■ Exercise brief: Please repeat every entry that follows, keeping each one exactly the same.
== Segment start ==
Lemma letterF (a : L) : a.2 = false -> a = (a.1, false).
Proof. by case: a => ? ? /= ->. Qed.

Section Config.
Variable xi : seq L -> Prop.
Hypothesis xi_config : config xi.

Lemma config_take w k : xi w -> xi (take k w).
Proof. by case: xi_config => _ [_ [take_xi _]] /take_xi. Qed.

Lemma config_prefix p w : xi w -> prefix p w -> xi p.
Proof. by move=> xi_w; rewrite prefixE => /eqP <-; apply: config_take. Qed.

Lemma config_rcons b a : xi (rcons b a) -> xi b.
Proof. by move/config_prefix; apply; apply: prefix_rcons. Qed.

Lemma config_reduced w : xi w -> reduced w.
Proof. by case: xi_config => red_xi _ /red_xi. Qed.

Lemma config_no_backtrack b t : ~ xi (rcons (rcons b t) (linv t)).
Proof. by move/config_reduced; rewrite reduced_rcons eqxx andbF. Qed.

Lemma config_children b t : xi (rcons b t) ->
  (t.2 = true -> forall a, xi (lmul a (rcons b t)) <-> (a.2 = false /\ src a.1 = src t.1)) /\
  (t.2 = false -> (forall a, xi (lmul a (rcons b t)) -> a.2 = true /\ rng a.1 = rng t.1) /\
     forall e, rng e = rng t.1 -> exists g, (cls g = cls e /\ xi (lmul (g, true) (rcons b t))) /\
       forall g', cls g' = cls e -> xi (lmul (g', true) (rcons b t)) -> g' = g).
Proof.
move=> xi_bt; have xi_b : xi (lmul (linv t) (rcons b t)) by rewrite lmul_linv; apply: config_rcons xi_bt.
case: xi_config => _ [_ [_ local]]; case: (local _ xi_bt) => [[v [_ out]]|[v [_ [in_v reps]]]].
  have [E1 E2] := (out (linv t)).1 xi_b; split.
    by move=> _ a; rewrite out; move: E2; rewrite /linv /= => ->.
  by move=> Ht; move: E1; rewrite /linv /= Ht.
have [E1 E2] := in_v _ xi_b; split; first by move=> Ht; move: E1; rewrite /linv /= Ht.
by move=> _; move: E2; rewrite /linv /= => ->; split.
Qed.

Definition rooted_at (v : vtx G) : Prop :=
  (part v = true /\ forall a, xi [:: a] <-> (a.2 = false /\ src a.1 = v)) \/
  (part v = false /\ (forall a, xi [:: a] -> a.2 = true /\ rng a.1 = v) /\
     forall e, rng e = v -> exists g, (cls g = cls e /\ xi [:: (g, true)]) /\
       forall g', cls g' = cls e -> xi [:: (g', true)] -> g' = g).

Lemma config_rooted : exists v, rooted_at v.
Proof.
case: xi_config => _ [xi0 [_ local]].
case: (local _ xi0) => [[v [Pv out]]|[v [Pv [in_v reps]]]]; exists v; [left|right].
  by split=> // a; rewrite -out lmul_nil.
split=> //; split; first by move=> a; rewrite -lmul_nil; apply: in_v.
move=> e /reps [g [[Cg xi_g] U]]; exists g; split; first by rewrite -lmul_nil.
by move=> g' C' X'; apply: U; rewrite ?lmul_nil.
Qed.
End Config.

(* A configuration is a tree of reduced words; it is determined by its root
   [v0] and, at each node, by the representative [sel b g] it picks in each
   class that must be entered from node [b]. *)
Section Generated.
Variable v0 : vtx G.
Variable sel : seq L -> edg G -> Prop.

Definition gen_step (b : seq L) (a : L) : Prop :=
  if nilp b then
    (if part v0 then a.2 = false /\ src a.1 = v0 else a.2 = true /\ rng a.1 = v0 /\ sel [::] a.1)
  else let t := last a b in
    if t.2 then a.2 = false /\ src a.1 = src t.1 /\ a.1 <> t.1
    else a.2 = true /\ rng a.1 = rng t.1 /\ cls a.1 <> cls t.1 /\ sel b a.1.

Definition needs_rep (b : seq L) (g : edg G) : Prop :=
  if nilp b then part v0 = false /\ rng g = v0
  else let t := last (g, true) b in
    t.2 = false /\ rng g = rng t.1 /\ cls g <> cls t.1.

Inductive generated : seq L -> Prop :=
| generated_nil : generated [::]
| generated_rcons_step b a : generated b -> gen_step b a -> generated (rcons b a).

Definition selects_reps : Prop := forall b g, generated b -> needs_rep b g ->
  exists g', cls g' = cls g /\ sel b g' /\ forall g'', cls g'' = cls g -> sel b g'' -> g'' = g'.

Lemma gen_step_nil a : gen_step [::] a =
  (if part v0 then a.2 = false /\ src a.1 = v0 else a.2 = true /\ rng a.1 = v0 /\ sel [::] a.1).
Proof. by []. Qed.

Lemma gen_step_rcons b t a : gen_step (rcons b t) a =
  if t.2 then a.2 = false /\ src a.1 = src t.1 /\ a.1 <> t.1
  else a.2 = true /\ rng a.1 = rng t.1 /\ cls a.1 <> cls t.1 /\ sel (rcons b t) a.1.
Proof. by rewrite /gen_step /nilp size_rcons /= last_rcons. Qed.

Lemma needs_rep_nil g : needs_rep [::] g = (part v0 = false /\ rng g = v0).
Proof. by []. Qed.

Lemma needs_rep_rcons b t g :
  needs_rep (rcons b t) g = (t.2 = false /\ rng g = rng t.1 /\ cls g <> cls t.1).
Proof. by rewrite /needs_rep /nilp size_rcons /= last_rcons. Qed.

Lemma generated_rcons b a : generated (rcons b a) <-> generated b /\ gen_step b a.
Proof.
split=> [gen_ba|[]]; last exact: generated_rcons_step.
inversion gen_ba as [E|b' a' gen_b step_a E]; first by move: (congr1 size E); rewrite size_rcons.
by case: (rcons_inj E) => <- <-.
Qed.

Lemma generated1 a : generated [:: a] <-> gen_step [::] a.
Proof.
rewrite -[[:: a]]/(rcons [::] a) generated_rcons.
by split=> [[]|step_a] //; split=> //; constructor.
Qed.

Lemma generated_take w k : generated w -> generated (take k w).
Proof.
elim=> [|b a gen_b IH step_a]; first by case: k; constructor.
by rewrite take_rcons; case: ifP => // _; apply: generated_rcons_step.
Qed.

Lemma generated_prefix p w : prefix p w -> generated w -> generated p.
Proof. by rewrite prefixE => /eqP <-; apply: generated_take. Qed.

Lemma gen_step_linv b t a : gen_step (rcons b t) a -> a != linv t.
Proof.
rewrite gen_step_rcons; case: a t => e x [f []] /=; rewrite /linv /= xpair_eqE.
  by case=> -> [_ ef]; apply/negP => /andP [/eqP E _]; apply: ef; rewrite E.
by case=> -> [_ [ef _]]; apply/negP => /andP [/eqP E _]; apply: ef; rewrite E.
Qed.

Lemma gen_step_sel (b : seq L) a : b != [::] -> gen_step b a -> a.2 = true -> sel b a.1.
Proof.
case/lastP: b => [|b t] // _; rewrite gen_step_rcons.
by case: t.2 => [[->]|[_ [_ [_ sel_a]]]].
Qed.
== Segment end ==
■ Answer box:
Lemma letterF (a : L) : a.2 = false -> a = (a.1, false).
Proof. by case: a => ? ? /= ->. Qed.

Section Config.
Variable xi : seq L -> Prop.
Hypothesis xi_config : config xi.

Lemma config_take w k : xi w -> xi (take k w).
Proof. by case: xi_config => _ [_ [take_xi _]] /take_xi. Qed.

Lemma config_prefix p w : xi w -> prefix p w -> xi p.
Proof. by move=> xi_w; rewrite prefixE => /eqP <-; apply: config_take. Qed.

Lemma config_rcons b a : xi (rcons b a) -> xi b.
Proof. by move/config_prefix; apply; apply: prefix_rcons. Qed.

Lemma config_reduced w : xi w -> reduced w.
Proof. by case: xi_config => red_xi _ /red_xi. Qed.

Lemma config_no_backtrack b t : ~ xi (rcons (rcons b t) (linv t)).
Proof. by move/config_reduced; rewrite reduced_rcons eqxx andbF. Qed.

Lemma config_children b t : xi (rcons b t) ->
  (t.2 = true -> forall a, xi (lmul a (rcons b t)) <-> (a.2 = false /\ src a.1 = src t.1)) /\
  (t.2 = false -> (forall a, xi (lmul a (rcons b t)) -> a.2 = true /\ rng a.1 = rng t.1) /\
     forall e, rng e = rng t.1 -> exists g, (cls g = cls e /\ xi (lmul (g, true) (rcons b t))) /\
       forall g', cls g' = cls e -> xi (lmul (g', true) (rcons b t)) -> g' = g).
Proof.
move=> xi_bt; have xi_b : xi (lmul (linv t) (rcons b t)) by rewrite lmul_linv; apply: config_rcons xi_bt.
case: xi_config => _ [_ [_ local]]; case: (local _ xi_bt) => [[v [_ out]]|[v [_ [in_v reps]]]].
  have [E1 E2] := (out (linv t)).1 xi_b; split.
    by move=> _ a; rewrite out; move: E2; rewrite /linv /= => ->.
  by move=> Ht; move: E1; rewrite /linv /= Ht.
have [E1 E2] := in_v _ xi_b; split; first by move=> Ht; move: E1; rewrite /linv /= Ht.
by move=> _; move: E2; rewrite /linv /= => ->; split.
Qed.

Definition rooted_at (v : vtx G) : Prop :=
  (part v = true /\ forall a, xi [:: a] <-> (a.2 = false /\ src a.1 = v)) \/
  (part v = false /\ (forall a, xi [:: a] -> a.2 = true /\ rng a.1 = v) /\
     forall e, rng e = v -> exists g, (cls g = cls e /\ xi [:: (g, true)]) /\
       forall g', cls g' = cls e -> xi [:: (g', true)] -> g' = g).

Lemma config_rooted : exists v, rooted_at v.
Proof.
case: xi_config => _ [xi0 [_ local]].
case: (local _ xi0) => [[v [Pv out]]|[v [Pv [in_v reps]]]]; exists v; [left|right].
  by split=> // a; rewrite -out lmul_nil.
split=> //; split; first by move=> a; rewrite -lmul_nil; apply: in_v.
move=> e /reps [g [[Cg xi_g] U]]; exists g; split; first by rewrite -lmul_nil.
by move=> g' C' X'; apply: U; rewrite ?lmul_nil.
Qed.
End Config.

(* A configuration is a tree of reduced words; it is determined by its root
   [v0] and, at each node, by the representative [sel b g] it picks in each
   class that must be entered from node [b]. *)
Section Generated.
Variable v0 : vtx G.
Variable sel : seq L -> edg G -> Prop.

Definition gen_step (b : seq L) (a : L) : Prop :=
  if nilp b then
    (if part v0 then a.2 = false /\ src a.1 = v0 else a.2 = true /\ rng a.1 = v0 /\ sel [::] a.1)
  else let t := last a b in
    if t.2 then a.2 = false /\ src a.1 = src t.1 /\ a.1 <> t.1
    else a.2 = true /\ rng a.1 = rng t.1 /\ cls a.1 <> cls t.1 /\ sel b a.1.

Definition needs_rep (b : seq L) (g : edg G) : Prop :=
  if nilp b then part v0 = false /\ rng g = v0
  else let t := last (g, true) b in
    t.2 = false /\ rng g = rng t.1 /\ cls g <> cls t.1.

Inductive generated : seq L -> Prop :=
| generated_nil : generated [::]
| generated_rcons_step b a : generated b -> gen_step b a -> generated (rcons b a).

Definition selects_reps : Prop := forall b g, generated b -> needs_rep b g ->
  exists g', cls g' = cls g /\ sel b g' /\ forall g'', cls g'' = cls g -> sel b g'' -> g'' = g'.

Lemma gen_step_nil a : gen_step [::] a =
  (if part v0 then a.2 = false /\ src a.1 = v0 else a.2 = true /\ rng a.1 = v0 /\ sel [::] a.1).
Proof. by []. Qed.

Lemma gen_step_rcons b t a : gen_step (rcons b t) a =
  if t.2 then a.2 = false /\ src a.1 = src t.1 /\ a.1 <> t.1
  else a.2 = true /\ rng a.1 = rng t.1 /\ cls a.1 <> cls t.1 /\ sel (rcons b t) a.1.
Proof. by rewrite /gen_step /nilp size_rcons /= last_rcons. Qed.

Lemma needs_rep_nil g : needs_rep [::] g = (part v0 = false /\ rng g = v0).
Proof. by []. Qed.

Lemma needs_rep_rcons b t g :
  needs_rep (rcons b t) g = (t.2 = false /\ rng g = rng t.1 /\ cls g <> cls t.1).
Proof. by rewrite /needs_rep /nilp size_rcons /= last_rcons. Qed.

Lemma generated_rcons b a : generated (rcons b a) <-> generated b /\ gen_step b a.
Proof.
split=> [gen_ba|[]]; last exact: generated_rcons_step.
inversion gen_ba as [E|b' a' gen_b step_a E]; first by move: (congr1 size E); rewrite size_rcons.
by case: (rcons_inj E) => <- <-.
Qed.

Lemma generated1 a : generated [:: a] <-> gen_step [::] a.
Proof.
rewrite -[[:: a]]/(rcons [::] a) generated_rcons.
by split=> [[]|step_a] //; split=> //; constructor.
Qed.

Lemma generated_take w k : generated w -> generated (take k w).
Proof.
elim=> [|b a gen_b IH step_a]; first by case: k; constructor.
by rewrite take_rcons; case: ifP => // _; apply: generated_rcons_step.
Qed.

Lemma generated_prefix p w : prefix p w -> generated w -> generated p.
Proof. by rewrite prefixE => /eqP <-; apply: generated_take. Qed.

Lemma gen_step_linv b t a : gen_step (rcons b t) a -> a != linv t.
Proof.
rewrite gen_step_rcons; case: a t => e x [f []] /=; rewrite /linv /= xpair_eqE.
  by case=> -> [_ ef]; apply/negP => /andP [/eqP E _]; apply: ef; rewrite E.
by case=> -> [_ [ef _]]; apply/negP => /andP [/eqP E _]; apply: ef; rewrite E.
Qed.

Lemma gen_step_sel (b : seq L) a : b != [::] -> gen_step b a -> a.2 = true -> sel b a.1.
Proof.
case/lastP: b => [|b t] // _; rewrite gen_step_rcons.
by case: t.2 => [[->]|[_ [_ [_ sel_a]]]].
Qed.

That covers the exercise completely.